‘Digger’ was one of several wartime patriotic songs written and recorded by prolific singer-songwriter Jack Lumsdaine, and was released midway through the Second World War.
The song recalls the history of the Diggers of Gallipoli having ‘made Australia’s name’, before describing a soldier in a trench at the battlefront in Europe wistfully recalling iconic parts of his homeland back in Australia.
Popular songs like ‘Digger’ played an important role in motivating Australians and propagandising First and Second World War efforts. ‘Digger’ is also one of a group of songs considered to be from the birth of Australia’s ‘Tin Pan Alley’. It represents the rise of publishing local professional songwriters rather than the work of amateurs, which was the case during the First World War.
John (Jack) Lumsdaine (1895-1948) was one of Australia’s most prominent singers and songwriters of the first half of the 20th century, well known for his topical and patriotic songs.

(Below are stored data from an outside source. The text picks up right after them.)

Lemma divergence_at_critical_point u x :
  (forall i, partial u i x = 0) -> (forall i j, derivable (partial u i) x (evec R j)) ->
  divergence (fun y => \row_i (partial u i y / Num.sqrt (1 - grad_sq u y))) x =
  \sum_i partial (partial u i) i x.
Proof.
(* The weight (1 - |Du|^2)^(-1/2) need not be differentiable: since Du x = 0,
   its continuity along coordinate lines is enough. *)
move=> du0 ddu; have g0 : grad_sq u x = 0.
  by rewrite /grad_sq big1 // => i _; rewrite du0 expr0n.
apply: eq_bigr => i _; rewrite /partial.
under eq_fun do rewrite mxE.
rewrite deriveM_at_root ?g0 ?subr0 ?sqrtr1 ?invr1 ?mulr1 //; [exact: du0|exact: ddu|].
by apply: inv_sqrt_grad_line_continuous => [j|]; rewrite ?g0 ?ltr01.
Qed.

Lemma solution_no_local_min (Omega : set V) alpha u x0 :
  open Omega -> alpha < 0 -> C2_on Omega u -> Omega x0 -> 0 < u x0 ->
  (\forall y \near x0, u x0 <= u y) ->
  divergence (fun y => \row_i (partial u i y / Num.sqrt (1 - grad_sq u y))) x0
  <> alpha / (u x0 * Num.sqrt (1 - grad_sq u x0)).
Proof.
move=> oO a0 C2u Ox0 u0 umin.
have near_Omega : \forall y \near x0, Omega y by move: oO; rewrite openE; apply.
have du_near i : \forall y \near x0, derivable u y (evec R i).
  by apply: filterS near_Omega => y /C2u[+ _]; apply.
have du0 i : partial u i x0 = 0 by exact: derive_at_local_min (du_near i).
have ddu i j : derivable (partial u i) x0 (evec R j) by have [_ /(_ i j)[]] := C2u _ Ox0.
have g0 : grad_sq u x0 = 0 by rewrite /grad_sq big1 // => i _; rewrite du0 expr0n.
rewrite divergence_at_critical_point // g0 subr0 sqrtr1 mulr1 => lap_eq.
have : 0 <= alpha / u x0.
  rewrite -lap_eq sumr_ge0 // => i _; exact: second_derive_at_local_min_ge0 (du_near i) (ddu i i).
by rewrite pmulr_lge0 ?invr_gt0 // leNgt a0.
Qed.

Lemma solution_min_on_bdry (Omega : set V) alpha phi u :
  open Omega -> compact (closure Omega) -> Omega !=set0 -> alpha < 0 ->
  positive_solution Omega alpha phi u ->
  exists2 c, bdry Omega c & forall x, closure Omega x -> u c <= u x.
Proof.
move=> oO cO [x0 Ox0] a0 [C2u [uc _] upos ueq _].
have K0 : closure Omega !=set0 by exists x0; exact: subset_closure.
have [c /[1!inE] Kc cmin] := compact_EVT_min K0 cO uc.
exists c => [|x Kx]; last by apply: cmin; rewrite inE.
split => //; rewrite (interior_id _).1 // => Oc.
apply: (solution_no_local_min oO a0 C2u Oc (upos c Oc)) (ueq c Oc).
have : \forall y \near c, Omega y by move: oO; rewrite openE; apply.
by apply: filterS => y /subset_closure Ky; apply: cmin; rewrite inE.
Qed.

Lemma solution_le_bdry (Omega : set V) (i : 'I_n) alpha phi u M x :
  open Omega -> (forall z, Omega z -> `|z| <= M) ->
  positive_solution Omega alpha phi u -> Omega x ->
  exists2 y, bdry Omega y & u x <= u y + 2 * M.
Proof.
move=> oO OM [C2u [uc [G [_ [G_du G1]]]] _ _ _] Ox.
have du z : Omega z -> derivable u z (evec R i) /\ `|'D_(evec R i) u z| <= 1.
  move=> Oz; split; first by have [+ _] := C2u _ Oz; apply.
  rewrite -/(partial u i z) -G_du //.
  exact/eucl_sq_lt1_coord/G1/subset_closure.
have [y [Ky notOy]] := exit_point_le oO Ox (norm_evec i) OM uc du.
by rewrite mul1r; exists y => //; split; rewrite ?(interior_id _).1.
Qed.

Lemma solution_bdry_has_ubound (Omega : set V) alpha phi u :
  compact (closure Omega) -> positive_solution Omega alpha phi u ->
  has_ubound [set phi y | y in bdry Omega].
Proof.
move=> cO [_ [uc _] _ _ u_phi].
have [[y [Ky _]]|] := pselect (bdry Omega !=set0); last first.
  by move=> /set0P/negP/negbNE/eqP ->; rewrite image_set0; exists 0.
have [c _ cmax] := compact_EVT_max (ex_intro _ y Ky) cO uc.
by exists (u c) => _ [z Bz <-]; rewrite -u_phi //; apply: cmax; rewrite inE; case: Bz.
Qed.

End solutions.

Theorem proposition4p6 (R : realType) (n : nat) (Omega : set 'rV[R]_n)
    (alpha : R) (phi : 'rV[R]_n -> R) :
  (0 < n)%N ->
  open Omega -> connected Omega -> Omega !=set0 -> bounded_set Omega ->
  alpha < 0 ->
  (forall x, bdry Omega x -> 0 < phi x) ->
  exists C1 : R, 0 < C1 /\
    forall u : 'rV[R]_n -> R, positive_solution Omega alpha phi u ->
      forall x, Omega x ->
        inf [set phi y | y in bdry Omega] <= u x /\ u x <= C1.
Proof.
move=> n0 oO _ O0 bO a0 phi_gt0.
have [M M0 /= OM] := ex_strict_bound_gt0 bO.
have {}OM z : Omega z -> `|z| <= M by move=> /OM /ltW.
have cO := compact_closure_bounded OM.
(* B is a junk value when phi is unbounded on the boundary, but then there is
   no solution (solution_bdry_has_ubound). *)
set B := sup [set phi y | y in bdry Omega].
exists (`|B| + 2 * M + 1); split.
  by rewrite ltr_pwDr // addr_ge0 // mulr_ge0 // ltW.
move=> u sol x Ox; split.
  have [c bc cmin] := solution_min_on_bdry oO cO O0 a0 sol.
  apply: le_trans (cmin x (subset_closure Ox)).
  case: sol bc => _ _ _ _ u_phi bc; rewrite u_phi //.
  by apply: ge_inf; [exists 0 => _ [y /phi_gt0 /ltW ? <-] | exists c].
have [y By uxy] := solution_le_bdry (Ordinal n0) oO OM sol Ox.
have uyB : u y <= `|B|.
  have phi_ub := solution_bdry_has_ubound cO sol.
  case: sol => _ _ _ _ -> //; apply: le_trans (ler_norm _).
  by apply: sup_upper_bound; [split; [exists (phi y), y | exact: phi_ub] | exists y].
lra.
Qed.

He worked for print music publishers Allans Music and J Albert and Sons after his First World War service, touring Australia and New Zealand to promote new works, including his own. He later worked as a composer, arranger and performer on the Tivoli vaudeville circuit, and as radio announcer for 2FC then 2GB.
He began his recording career in 1926 with Columbia in Sydney, with many of his songs also recorded by notable singers of the period such as Peter Dawson.